Ветви столетних берез и дубов, низко нависавшие над просекой, безжалостно били его по лицу, по груди, оставляя глубокие, кровоточащие царапины. Иван пытался прижаться как можно плотнее к крупу коня, спрятать голову, но веревки держали его намертво. Черный деготь, смешанный с потом жеребца, затекал в раны, выжигая кожу изнутри.
«Господи, Иисусе Христе, помилуй мя...» — беззвучно шептали сохнущие, разбитые губы Ивана.
Небо над головой кружилось в безумном хороводе — серое, свинцовое, равнодушное. В какой-то момент просека закончилась, и Буран вынес своего всадника на открытое пространство. Леса Речи Посполитой редели, уступая место бесконечной, унылой мазовецкой равнине, которая дальше, к югу, переходила в дикое черниговское пограничье. Но Ивану уже было всё равно. Холод сковывал его мышцы, кровь из многочисленных порезов медленно стекала по бедрам, пачкая черную шерсть жеребца, а сознание начинало тускнеть, погружая его в липкий, спасительный бред.

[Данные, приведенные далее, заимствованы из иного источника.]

(* Let $m\ge 2$ and $n\ge 2$ be integers. The number $D_F(m,n)$ of maximal antichains of $[m]^n$ is at least the number $D_E(m,n-1)$ of antichains (the empty set included) of $[m]^{n-1}$: $D_F(m,n)\ge D_E(m,n-1)$.
   Context: $[m]=\{1,\dots,m\}$ with its natural order; $[m]^k$ carries the componentwise (product) order. An antichain is a set of pairwise incomparable elements; it is maximal if no further element of the poset can be added while remaining an antichain. *)

From mathcomp Require Import all_boot.
Set Implicit Arguments. Unset Strict Implicit. Unset Printing Implicit Defensive.

(* Points of [m]^k: functions 'I_k -> 'I_m (coordinate values 0..m-1 encode 1..m;
   the order is the same). *)
Definition cube (m k : nat) := {ffun 'I_k -> 'I_m}.

Definition cle (m k : nat) (x y : cube m k) : bool := [forall i, x i <= y i].

Definition comparable (m k : nat) (x y : cube m k) : bool := cle x y || cle y x.

Definition antichain (m k : nat) (A : {set cube m k}) : bool :=
  [forall x in A, forall y in A, (x != y) ==> ~~ comparable x y].

Definition max_antichain (m k : nat) (A : {set cube m k}) : bool :=
  antichain A && [forall z, (z \notin A) ==> ~~ antichain (z |: A)].

Definition DE (m k : nat) : nat := #|[set A : {set cube m k} | antichain A]|.

Definition DF (m k : nat) : nat := #|[set A : {set cube m k} | max_antichain A]|.

From Pilot Require Import Defs.
From mathcomp Require Import all_boot.

Set Implicit Arguments. Unset Strict Implicit. Unset Printing Implicit Defensive.

(* For an antichain A of [m]^(n-1), put A on the top layer {m} x [m]^(n-1) and
   the minimal elements of the complement of the down-set of A on the bottom
   layer {1} x [m]^(n-1).  The result is a maximal antichain of [m]^n: a point
   whose tail lies below some a in A is below (m, a), and otherwise its tail
   lies above a minimal element u of that complement, so it is above (1, u).
   The top layer gives back A, so the map is injective. *)

Section ProductOrder.

Variables m k : nat.
Implicit Types (x y z : cube m k) (A S : {set cube m k}).

Lemma cle_refl x : cle x x.
Proof. exact/forallP. Qed.

Lemma cle_trans y x z : cle x y -> cle y z -> cle x z.
Proof.
move=> /forallP le_xy /forallP le_yz; apply/forallP => i.
exact: leq_trans (le_xy i) (le_yz i).
Qed.

Definition weight x : nat := \sum_i (x i : nat).

Lemma cle_weight_lt x y : cle x y -> x != y -> weight x < weight y.
Proof.
move=> /forallP le_xy neq_xy.
have [i neq_i] : exists i, x i != y i.
  apply/existsP; apply: contraR neq_xy => /existsPn eq_xy.
  by apply/eqP/ffunP => i; apply/eqP; rewrite -[_ == _]negbK eq_xy.
rewrite /weight (bigD1 i) // [X in _ < X](bigD1 i) //= -addSn.
by apply: leq_add; [rewrite ltn_neqAle neq_i le_xy | apply: leq_sum].
Qed.

Lemma antichain_cleP A :
  reflect {in A &, forall x y, cle x y -> x = y} (antichain A).
Proof.
apply: (iffP forall_inP) => [anti x y xA yA le_xy | cle_eq x xA].
  apply/eqP; apply: contraTT le_xy => neq_xy.
  by move: (anti x xA) => /forall_inP/(_ y yA)/implyP/(_ neq_xy); case/norP.
apply/forall_inP => y yA; apply/implyP => neq_xy.
apply/norP; split; apply/negP.
  by move=> /(cle_eq _ _ xA yA) eq_xy; rewrite eq_xy eqxx in neq_xy.
by move=> /(cle_eq _ _ yA xA) eq_yx; rewrite eq_yx eqxx in neq_xy.
Qed.

Lemma max_antichain_intro A :
  antichain A -> (forall z, exists2 w, w \in A & Defs.comparable z w) ->
  max_antichain A.
Proof.
move=> antiA comparable_to_A; rewrite /max_antichain antiA /=.
apply/forallP => z; apply/implyP => zNA; apply/negP => /forall_inP anti_zA.
have [w wA cmp_zw] := comparable_to_A z.
have neq_zw : z != w by apply: contraNneq zNA => ->.
have := anti_zA z (setU11 z A) => /forall_inP/(_ w).
by rewrite in_setU1 wA orbT neq_zw cmp_zw => /(_ isT).
Qed.

Definition downset A := [set x | [exists a in A, cle x a]].

Definition minimals S := [set u in S | [forall v in S, cle v u ==> (v == u)]].

Lemma minimals_sub S : {subset minimals S <= S}.
Proof. by move=> u; rewrite inE => /andP[]. Qed.

Lemma minimals_min S u v : u \in minimals S -> v \in S -> cle v u -> v = u.
Proof. by rewrite inE => /andP[_ /forall_inP min_u] /min_u/implyP le /le/eqP. Qed.

Lemma minimal_below S x : x \in S -> exists2 u, u \in minimals S & cle u x.
Proof.
move=> xS.
have x_below : x \in [set v in S | cle v x] by rewrite inE xS cle_refl.
have [u /setIdP[uS le_ux] u_min] := arg_minnP weight x_below.
exists u => //; rewrite inE uS; apply/forall_inP => v vS; apply/implyP => le_vu.
have v_below : v \in [set v in S | cle v x] by rewrite inE vS (cle_trans le_vu).
apply: contraTT (u_min v v_below) => neq_vu.
by rewrite -ltnNge cle_weight_lt.
Qed.

End ProductOrder.

Section Layers.

Variables p k : nat.
(* m >= 2 keeps the top layer {m} x [m]^k and the bottom layer {1} x [m]^k disjoint. *)
Local Notation m := p.+2.
Implicit Types (a b u : cube m k) (y : cube m k.+1) (A : {set cube m k}).

Definition pcons (j : 'I_m) a : cube m k.+1 :=
  [ffun i => if unlift ord0 i is Some i' then a i' else j].

Definition ptail y : cube m k := [ffun i => y (lift ord0 i)].

Lemma pcons_head j a : pcons j a ord0 = j.
Proof. by rewrite ffunE unlift_none. Qed.

Lemma ptail_pcons j a : ptail (pcons j a) = a.
Proof. by apply/ffunP => i; rewrite !ffunE liftK. Qed.

Lemma ptailK y : pcons (y ord0) (ptail y) = y.
Proof.
by apply/ffunP => i; rewrite !ffunE; case: unliftP => [j|] -> //; rewrite ffunE.
Qed.

Lemma pcons_inj i j a b : pcons i a = pcons j b -> i = j /\ a = b.
Proof.
move=> eq_ij; split; first by rewrite -(pcons_head i a) eq_ij pcons_head.
by rewrite -(ptail_pcons i a) eq_ij ptail_pcons.
Qed.

Lemma cle_pcons i j a b : cle (pcons i a) (pcons j b) = (i <= j) && cle a b.
Proof.
apply/forallP/andP => [le_ij | [le_ij /forallP le_ab] l].
  split; first by have := le_ij ord0; rewrite !pcons_head.
  by apply/forallP => l; have := le_ij (lift ord0 l); rewrite !ffunE liftK.
by rewrite !ffunE; case: unlift.
Qed.

Definition layered A : {set cube m k.+1} :=
  [set pcons ord_max a | a in A] :|: [set pcons ord0 u | u in minimals (~: downset A)].

Lemma pcons_max_layered a A : (pcons ord_max a \in layered A) = (a \in A).
Proof.
apply/setUP/idP => [[/imsetP[b bA /pcons_inj[_ ->]] // | /imsetP[u _ /pcons_inj[]]] //|].
by left; apply: imset_f.
Qed.

Lemma layered_antichain A : antichain A -> antichain (layered A).
Proof.
move/antichain_cleP => antiA; apply/antichain_cleP.
move=> _ _ /setUP[|] /imsetP[a aS ->] /setUP[|] /imsetP[b bS ->];
  rewrite cle_pcons => /andP[le_ij le_ab] //.
- by rewrite (antiA a b).
- have a_down : a \in downset A by rewrite inE; apply/exists_inP; exists b.
  by move/minimals_sub: aS; rewrite inE a_down.
- by rewrite (minimals_min bS (minimals_sub aS) le_ab).
Qed.

Lemma layered_max_antichain A : antichain A -> max_antichain (layered A).
Proof.
move=> antiA; apply: max_antichain_intro; first exact: layered_antichain.
move=> z; rewrite /Defs.comparable -(ptailK z); move: (z ord0) (ptail z) => j a.
case: (boolP (a \in downset A)) => [|a_up].
  rewrite inE => /exists_inP[b bA le_ab]; exists (pcons ord_max b).
    by rewrite pcons_max_layered.
  by rewrite cle_pcons le_ab -ltnS ltn_ord.
rewrite -in_setC in a_up; have [u u_min le_ua] := minimal_below a_up.
exists (pcons ord0 u); first by apply/setUP; right; apply: imset_f.
by rewrite !cle_pcons le_ua orbT.
Qed.

Lemma layered_inj : injective layered.
Proof.
move=> A1 A2 eq_layered; apply/setP => a.
by rewrite -!pcons_max_layered eq_layered.
Qed.

End Layers.

Theorem proposition5 (m n : nat) (hm : 2 <= m) (hn : 2 <= n) :
  DE m n.-1 <= DF m n.
Proof.
case: m hm => [|[|p]] // _; case: n hn => [|k] // _ /=.
rewrite /DE /DF -(card_imset _ (@layered_inj p k)).
apply/subset_leq_card/subsetP => _ /imsetP[A antiA ->].
by move: antiA; rewrite !inE; apply: layered_max_antichain.
Qed.
(* Let $d\ge2$, $\varepsilon>0$, $s=\lceil d/(1+e^{\varepsilon})\rceil$, and consider the MMRC mechanism simulating $\texttt{Subset Selection}$ with $N$ candidates and estimator $\hat{\mathbf{x}}^{\mathrm{mmrc}}=(\mathbf{z}_K-b_{\mathrm{mmrc}}\mathbf{1})/m_{\mathrm{mmrc}}$. Then for every $\mathbf{x}\in\{e_1,\dots,e_d\}$, $\mathbb{E}[\hat{\mathbf{x}}^{\mathrm{mmrc}}]=\mathbf{x}$, the expectation being over the candidates and $K$.
   Context: $\texttt{Subset Selection}$: inputs $\mathcal{X}=\{e_1,\dots,e_d\}$ (standard basis of $\mathbb{R}^d$); outputs $\mathcal{Z}=\{\mathbf{z}\in\{0,1\}^d:\sum_iz_i=s\}$; for $\mathbf{x}=e_j$ let $\mathsf{Cap}_{\mathbf{x}}=\{\mathbf{z}\in\mathcal{Z}:z_j=1\}$; $q^{\mathrm{ss}}(\mathbf{z}\mid\mathbf{x})=c_1=\frac{e^\varepsilon}{\binom{d-1}{s-1}e^\varepsilon+\binom{d-1}{s}}$ if $\mathbf{z}\in\mathsf{Cap}_{\mathbf{x}}$ and $c_2=\frac{1}{\binom{d-1}{s-1}e^\varepsilon+\binom{d-1}{s}}$ otherwise. Let $\bar\theta=s/d$ (the probability a uniform element of $\mathcal{Z}$ lies in $\mathsf{Cap}_{\mathbf{x}}$). MMRC: draw $\mathbf{z}_1,\dots,\mathbf{z}_N$ i.i.d. uniform on $\mathcal{Z}$; $\theta=\frac1N\#\{k:\mathbf{z}_k\in\mathsf{Cap}_{\mathbf{x}}\}$ (so $N\theta\sim\mathrm{Binom}(N,s/d)$); $\pi^{\mathrm{mrc}}(k)=\frac1N\frac{c_i}{\theta c_1+(1-\theta)c_2}$ ($i=1$ for cap candidates, $i=2$ otherwise); $t_u=\frac1N\frac{c_1}{\bar\theta c_1+(1-\bar\theta)c_2}$, $t_l=\frac1N\frac{c_2}{\bar\theta c_1+(1-\bar\theta)c_2}$; $\pi^{\mathrm{mmrc}}=\pi^{\mathrm{mrc}}$ if $\theta=\bar\theta$; if $\theta<\bar\theta$, $\pi^{\mathrm{mmrc}}(k)=t_u$ on cap candidates and $\frac{1-N\theta t_u}{N(1-\theta)}$ otherwise; if $\theta>\bar\theta$, $\pi^{\mathrm{mmrc}}(k)=t_l$ on non-cap candidates and $\frac{1-N(1-\theta)t_l}{N\theta}$ otherwise; $K\sim\pi^{\mathrm{mmrc}}$. Let $G=\mathbb{E}_\theta\Big[\frac{e^\varepsilon\theta}{e^\varepsilon\bar\theta+1-\bar\theta}\mathbf{1}(\theta\le\bar\theta)+\frac{e^\varepsilon\bar\theta+\theta-\bar\theta}{e^\varepsilon\bar\theta+1-\bar\theta}\mathbf{1}(\theta>\bar\theta)\Big]$, $m_{\mathrm{mmrc}}=\frac{d}{d-1}G-\frac{s}{d-1}$, $b_{\mathrm{mmrc}}=\frac{1}{d-1}(s-G)$; $\mathbf{1}$ denotes the all-ones vector. *)

From HB Require Import structures.
From mathcomp Require Import all_boot all_order all_algebra.
From mathcomp Require Import all_classical all_reals all_analysis.
Set Implicit Arguments. Unset Strict Implicit. Unset Printing Implicit Defensive.
Import Order.TTheory GRing.Theory Num.Theory.
Local Open Scope ring_scope.
Theorem mainTheorem7 (omega : Z) (homega : omega <> 0%Z) :
  exists c : R, 0 < c /\
  forall m : nat, (1 <= m)%nat ->
  exists C : R, 0 < C /\
    forall gx gy : R -> R,
      closed_unit_length_arclength_curve gx gy ->
      turning_number gx gy = IZR omega ->
      RInt (fun s => (F0 m omega gx gy s) ^ 2) 0 1
        >= c * Pterm m gx gy - C * (Energy m gx gy) ^ 2.
Proof.
  destruct (IZR_2PI_multiple omega homega) as [K_neq0 [sin_K cos_K]].
  set (K := 2 * PI * IZR omega) in *.
  assert (A_pos : 0 < 2 + 136 * K ^ 2) by (pose proof (pow2_ge_0 K); lra).
  exists (1 / (2 + 136 * K ^ 2)). split; [apply Rdiv_lt_0_compat; lra|].
  intros m Hm.
  assert (B_nonneg : 0 <= 256 * K ^ (4 * m + 6) / (2 + 136 * K ^ 2)).
  { replace (4 * m + 6)%nat with (2 * (2 * m + 3))%nat by lia. rewrite pow_mult.
    apply Rmult_le_pos; [|apply Rlt_le, Rinv_0_lt_compat; lra].
    apply Rmult_le_pos; [lra | apply pow_le, pow2_ge_0]. }
  exists (256 * K ^ (4 * m + 6) / (2 + 136 * K ^ 2) + 1). split; [lra|].
  intros gx gy curve turning.
  assert (Tot : RInt (curvature gx gy) 0 1 = K).
  { unfold turning_number in turning. unfold K. rewrite <- turning. pose proof PI_RGT_0.
    generalize (RInt (curvature gx gy) 0 1). intros I. change R in I. eq_R. field. lra. }
  rewrite (RInt_ext _ _ _ _ (fun s _ => F0_sqr m omega gx gy s)).
  apply affine_bound_rearrange; [lra | apply pow2_ge_0|].
  exact (RInt_kd_top_sqr_le gx gy curve K Tot K_neq0 sin_K cos_K m Hm).
Qed.
Lemma prob_mcut_ratio_lt_le (R : realType) r n (t gam : R) : 0 < gam <= 1 ->
  (t + gam) * (r.+1 * n.+1)%:R <= mean (fun f : hom_Fr r.+1 n.+1 => (mcut f)%:R) ->
  prob (fun f : hom_Fr r.+1 n.+1 => mcut_ratio f < t)
    <= expR (- (gam ^+ 2 / 72 * r.+1%:R * n.+1%:R)).
Proof.
move=> /andP[gam_gt0 gam_le1] hmean.
have M_gt0 : (0 : R) < (r.+1 * n.+1)%:R by rewrite ltr0n muln_gt0.
apply: le_trans (mcdiarmid_lower_tail (@hamming_lipschitz_mcut R r n)
  (E := fun f => mcut_ratio f < t) (s := gam * (r.+1 * n.+1)%:R) _ _) _.
- by apply/andP; split; [rewrite mulr_ge0 ?ltW | rewrite ler_pM2r //; lra].
- move=> f /ltW ht; rewrite -mcut_ratioK.
  by apply: le_trans (ler_wpM2r (ltW M_gt0) ht) _; lra.
rewrite ler_expR le_eqVlt; apply/orP; left; apply/eqP; rewrite natrM.
by field; rewrite !(addrC 1) !natr1 !pnatr_eq0.
Qed.

Lemma prob_ge0 (R : realType) r n (E : pred (hom_Fr r n)) : 0 <= prob E :> R.
Proof. by rewrite divr_ge0 ?ler0n. Qed.

Lemma log_rate_le (R : realType) n (p c : R) : (0 < n)%N -> 0 <= p ->
  p <= expR (- (c * n%:R)) -> (log_rate n p <= (- c)%:E)%E.
Proof.
move=> n_gt0 p_ge0 hp; rewrite /log_rate; case: eqP => [_|p_neq0]; first by rewrite leNye.
have p_gt0 : 0 < p by rewrite lt_neqAle eq_sym p_ge0 andbT; apply/eqP.
rewrite lee_fin ler_pdivrMr ?ltr0n // mulNr -[X in _ <= X]expRK ler_ln ?posrE ?expR_gt0 //.
Qed.

Lemma limn_einf_le (R : realType) (u : (\bar R)^nat) (x : \bar R) :
  (\forall n \near \oo, (u n <= x)%E) -> (limn_einf u <= x)%E.
Proof.
move=> [N _ HN]; apply: le_trans (limn_einf_sup u) _.
rewrite limn_esup_lim; apply: lime_le; first exact: is_cvg_esups.
exists N => // m /= Nm; apply/ereal_supP => _ [k /= mk <-].
by apply: HN; rewrite /= (leq_trans Nm mk).
Qed.

Theorem mainTheorem17 (R : realType) (r : nat) (eps_c : R) :
  (0 < r)%N ->
  (* eps_c is the limit in probability of mcut(sigma_n)/(rn) *)
  (forall eta : R, 0 < eta ->
     (fun n : nat => prob (fun s : hom_Fr r n => eta < `|(mcut_ratio s : R) - eps_c|))
       @ \oo --> (0 : R)) ->
  forall eps : R, eps < eps_c ->
  exists delta0 : R, 0 < delta0 /\
    forall delta : R, 0 < delta -> delta < delta0 ->
      Order.lt (limn_einf (fun n : nat =>
         log_rate n (prob (fun s : hom_Fr r n => (mcut_ratio s : R) < eps + delta))))
        (0%E : \bar R).
Proof.
case: r => [//|r] _ Hc eps heps.
pose gam : R := Num.min ((eps_c - eps) / 6) 1.
have gam_le : gam <= (eps_c - eps) / 6 by rewrite ge_min lexx.
have gam_le1 : gam <= 1 by rewrite ge_min lexx orbT.
have gam_gt0 : 0 < gam by rewrite lt_min ltr01 andbT; lra.
exists ((eps_c - eps) / 2); split => [|delta delta_gt0 delta_lt]; first lra.
pose c : R := gam ^+ 2 / 72 * r.+1%:R.
have c_gt0 : 0 < c by rewrite mulr_gt0 ?ltr0n // divr_gt0 // exprn_gt0.
apply: (@le_lt_trans _ _ (- c)%:E); last by rewrite lte_fin oppr_lt0.
apply: limn_einf_le.
have e_gt0 : 0 < gam / (`|eps_c - gam| + 1) by rewrite divr_gt0 // ltr_wpDl.
have /cvgr0_norm_lt /(_ _ e_gt0) [N0 _ small_bad] := Hc gam gam_gt0.
exists N0.+1 => // -[//|N] /ltnW /small_bad /= hp.
apply: log_rate_le => //; first exact: prob_ge0.
apply: prob_mcut_ratio_lt_le; first by rewrite gam_gt0.
apply: le_trans (mcut_mean_ge (x := eps_c) (gam := gam) _).
  by rewrite ler_pM2r ?ltr0n ?muln_gt0 //; lra.
set p := prob _ in hp *.
have p_ge0 : 0 <= p by exact: prob_ge0.
rewrite ger0_norm // ltr_pdivlMr // in hp.
by apply: le_trans (ler_wpM2r p_ge0 (ler_norm _)) _; lra.
Qed.
Lemma le_Gap Y G x u :
  vi_bounded_set Y -> bounded_on Y G -> Y u -> dotv (G u) (x - u) <= Gap x Y G.
Proof.
move=> [M YM] [C GC] Yu; apply: ub_le_sup; last by exists u.
exists (C * (enorm x + M)); move=> _ [v Yv <-].
apply: le_trans (dotv_le _ _) (ler_pM (enorm_ge0 _) (enorm_ge0 _) (GC _ Yv) _).
by apply: le_trans (enormB_le _ _) _; rewrite lerD2l YM.
Qed.

Lemma Gap_le Y G x (B : R) :
  Y !=set0 -> (forall u, Y u -> dotv (G u) (x - u) <= B) -> Gap x Y G <= B.
Proof.
move=> [u Yu] GB; apply: ge_sup => [|_ [v Yv <-]]; last exact: GB.
by exists (dotv (G u) (x - u)), u.
Qed.

Lemma Gap_ge_Nsupnorm_dist Y G x :
  Y !=set0 -> vi_bounded_set Y -> bounded_on Y G ->
  - supnorm Y G * distv x Y <= Gap x Y G.
Proof.
move=> [u Yu] Ybnd Gbnd; set B := supnorm Y G.
have dist_bound v : Y v -> - (B * enorm (x - v)) <= Gap x Y G.
  move=> Yv; apply: le_trans (le_Gap x Ybnd Gbnd Yv); apply: le_trans (dotv_ge _ _).
  by rewrite lerN2 ler_wpM2r ?enorm_ge0 ?enorm_le_supnorm.
have [B_gt0|B_le0] := ltrP 0 B; last first.
  have B0 : B = 0.
    by apply/eqP; rewrite eq_le B_le0 (le_trans (enorm_ge0 _) (enorm_le_supnorm Gbnd Yu)).
  by have := dist_bound _ Yu; rewrite B0 !(mul0r, oppr0).
rewrite mulNr lerNl -ler_pdivrMl //; apply: lb_le_inf => [|_ [v Yv <-]].
  by exists (enorm (x - u)), u.
by rewrite ler_pdivrMl // lerNl dist_bound.
Qed.

Lemma dotv_le_DX2 X u v :
  vi_bounded_set X -> X u -> X v -> dotv (u - v) (u - v) <= 2 * DX2 X.
Proof.
move=> [M XM] Xu Xv; have M_ge0 : 0 <= M := le_trans (enorm_ge0 u) (XM _ Xu).
suff : enorm (u - v) ^+ 2 / 2 <= DX2 X by rewrite enorm_sqr; lra.
apply: ub_le_sup; last by exists u => //; exists v.
exists ((M + M) ^+ 2 / 2); move=> _ [a Xa [b Xb <-]].
by rewrite ler_pM2r // ler_sqr ?nnegrE ?enorm_ge0 ?addr_ge0 ?(enormB_le_bound XM).
Qed.

Lemma enormB_le_DX2 X u v :
  vi_bounded_set X -> X u -> X v -> enorm (u - v) <= Num.sqrt 2 * Num.sqrt (DX2 X).
Proof.
move=> Xbnd Xu Xv; have := dotv_le_DX2 Xbnd Xu Xv.
have := dotvv_ge0 (u - v); rewrite /enorm -sqrtrM // => ge0 le2D.
by rewrite ler_sqrt //; apply: le_trans ge0 le2D.
Qed.

Lemma dotv_continuous (a : 'rV[R]_n) : continuous (dotv a).
Proof.
rewrite /dotv => v; apply: continuous_big => [|i _ w]; first exact: add_continuous.
by apply: continuousM; [exact: cst_continuous | exact: coord_continuous].
Qed.

Lemma cluster_dotv_le0 (u : nat -> 'rV[R]_n) (z a w : 'rV[R]_n) (g : nat -> R) :
  cluster (u @ \oo) z -> g @ \oo --> 0 ->
  (forall K, (0 < K)%N -> dotv a (u K - w) <= g K) -> dotv a (z - w) <= 0.
Proof.
move=> z_cluster g_cvg0 ug; rewrite dotvBr subr_le0; apply/ler_addgt0Pr => e e_gt0.
apply: (cluster_closed_mem (C := [set v | dotv a v <= dotv a w + e])) z_cluster.
  apply: (@preimage_closed _ _ (dotv a) [set r | r <= dotv a w + e]).
    by move=> v _; exact: dotv_continuous.
  exact: closed_le.
near=> K; rewrite /= -lerBlDl -dotvBr.
apply: le_trans (ug K _) _; first by near: K; exact: nbhs_infty_gt.
by near: K; exact: (cvgr_le _ g_cvg0 _ e_gt0).
Unshelve. all: by end_near.
Qed.

End GapFunctions.

Lemma cvg_inv_natr {R : realType} : (fun K : nat => (K%:R : R)^-1) @ \oo --> 0.
Proof.
apply/(gtr0_cvgV0 (f := fun K : nat => K%:R)); last exact: cvgr_idn.
by near=> K; rewrite ltr0n; near: K; exact: nbhs_infty_gt.
Unshelve. all: by end_near.
Qed.
(* [w = b - L X b] lies in the kernel of [L], so it is constant along the edge [st]
   and [w^T w = w^T b = w_s - w_t = 0]. *)
Lemma laplacian_pinv_dipole s t :
  adj s t -> L *m (X *m (ind R s - ind R t)) = ind R s - ind R t.
Proof.
case: X_pinv => X1 _ _ _ ast; set b := ind R s - ind R t.
set w := b - L *m (X *m b).
have Lw : L *m w = 0 by rewrite mulmxBr !mulmxA -(mulmxA L L X) laplacian_pinvC mulmxA X1 subrr.
have w_const : edge_constant adj (fun i => w i 0).
  apply: dirichlet_eq0; rewrite dirichlet_lap // big1 ?mulr0 // => i _.
  by rewrite -laplacian_mulE Lw [(0 : 'cV[R]_n) i 0]mxE mulr0.
have bE i : b i 0 = (i == s)%:R - (i == t)%:R by rewrite !mxE.
have ww : \sum_i w i 0 ^+ 2 = 0.
  have : (w^T *m w) 0 0 = (w^T *m b) 0 0.
    by rewrite {2}/w mulmxBr (mulmxA w^T) -{1}laplacian_sym -trmx_mul Lw trmx0 mul0mx subr0.
  rewrite !mx_dotE (eq_bigr _ (fun i _ => congr1 (GRing.mul (w i 0)) (bE i))) sum_mul_dipole.
  rewrite (w_const _ _ ast) subrr => ww0; rewrite -[RHS]ww0.
  by apply: eq_bigr => i _; rewrite expr2.
apply/eqP; rewrite eq_sym -subr_eq0 -/w; apply/eqP/matrixP => i j.
rewrite ord1 [(0 : 'cV[R]_n) i 0]mxE.
have /(_ i) := psumr_eq0P (P := predT) (fun i _ => sqr_ge0 (w i 0)) ww.
by move=> /(_ isT) /eqP; rewrite sqrf_eq0 => /eqP.
Qed.

Lemma biharmonic_sqr s t :
  biharmonic X s t ^+ 2 = \sum_i (X *m (ind R s - ind R t)) i 0 ^+ 2.
Proof.
have XX : forall b : 'cV[R]_n, b^T *m (X *m X) *m b = (X *m b)^T *m (X *m b).
  by move=> b; rewrite trmx_mul (pinv_sym laplacian_sym X_pinv) !mulmxA.
rewrite /biharmonic XX mx_dotE sqr_sqrtr; last by apply: sumr_ge0 => i _; rewrite -expr2 sqr_ge0.
by apply: eq_bigr => i _; rewrite expr2.
Qed.

End LaplacianPinv.

Theorem theorem5p4 (R : realType) :
  exists C : R, 0 < C /\
  forall (n : nat) (adj : rel 'I_n) (s t : 'I_n) (Lp : 'M[R]_n),
    simple_graph adj ->
    adj s t ->
    is_pinv (laplacian R adj) Lp ->
    exists S : {set 'I_n},
      [/\ s \in S, t \notin S &
          biharmonic Lp s t ^+ 2 <= C * (dmax adj)%:R / iso_ratio R adj S ^+ 2].
Proof.
exists 64; split => // n adj s t X [adj_sym adj_irr] ast X_pinv.
have st : s != t by apply: contraTneq ast => ->; rewrite adj_irr.
rewrite (biharmonic_sqr adj_sym X_pinv); apply: potential_sweep_cut => //.
- by move=> i; rewrite -laplacian_mulE laplacian_pinv_dipole // !mxE.
- by move=> k; apply: pinv_orth_edge_constant.
Qed.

В этом бреду уже не было боли. Звон копыт Бурана вдруг превратился в тихий, ласковый стук дождевых капель по деревянной крыше родительского дома в Мазепинцах.
Перед глазами Ивана, заменяя серые мазовецкие тучи, поплыли образы из далекого, почти забытого детства. Ему снова было семь лет. Он сидел на высоком крыльце усадьбы, вдыхая сладкий, густой аромат цветущих лип и свежего хлеба, который пекли на гетманской кухне. Рядом сидела мать, Марина Мокиевская. Её руки — теплые, пахнущие лавандой и воском — нежно гладили его по голове, распутывая непослушные детские кудри.
«Иванко, сынок, — тихо говорила она, и её голос заглушал свист ветра в ушах умирающего пажа. — Род наш древний, шляхетский, но доля нашей земли горькая. Помни, кто ты есть. Не верь блеску чужих корон, не ищи правды там, где тебя считают чужаком. У тебя будет долгий путь . Будут и золото, и слава, и великая булава... но и цена за них будет страшной. Сумеешь ли ты выстоять, когда против тебя восстанет весь мир?»
— Выстою, мамо... выстою... — прохрипел Иван вслух, но вместо слов из его горла вырвался лишь сухой, едва слышный клекот.
Бред сменился другим воспоминанием. Киево-Могилянская коллегия. Прохладные, пахнущие старыми книгами и ладаном каменные классы. Строгий старый профессор в черной рясе, стуча пальцем по пожелтевшим страницам латинского трактата, читал: «Fortuna caeca est... Судьба слепа, но она любит отважных. Тот, кто упал, поднявшись, становится вдвое сильнее того, кто никогда не ведал падения». Юный Иван тогда усердно скрипел гусиным пером, записывая эти слова в свою тетрадь. Кто же знал, что судьба проверит эту латынь так скоро и так жестоко?
Буран бежал уже несколько часов. Его шаг становился тяжелым, неровным. Жеребец спотыкался, из его пасти шла густая кровавая пена, а бока ходили ходуном, как кузнечные меха. Ветка шиповника давно выпала, но деготь и страх продолжали гнать его вперед, пока сердце зверя не начало разрываться от предельного напряжения.
День клонился к вечеру. Серые сумерки начали сгущаться над степными просторами. Иван уже почти ничего не видел — глаза заплыли кровью из рассеченного лба. Он лишь чувствовал, как конь под ним судорожно вздрогнул, споткнулся один раз, другой... и с тяжелым, глухим грохотом рухнул всей своей массой на землю.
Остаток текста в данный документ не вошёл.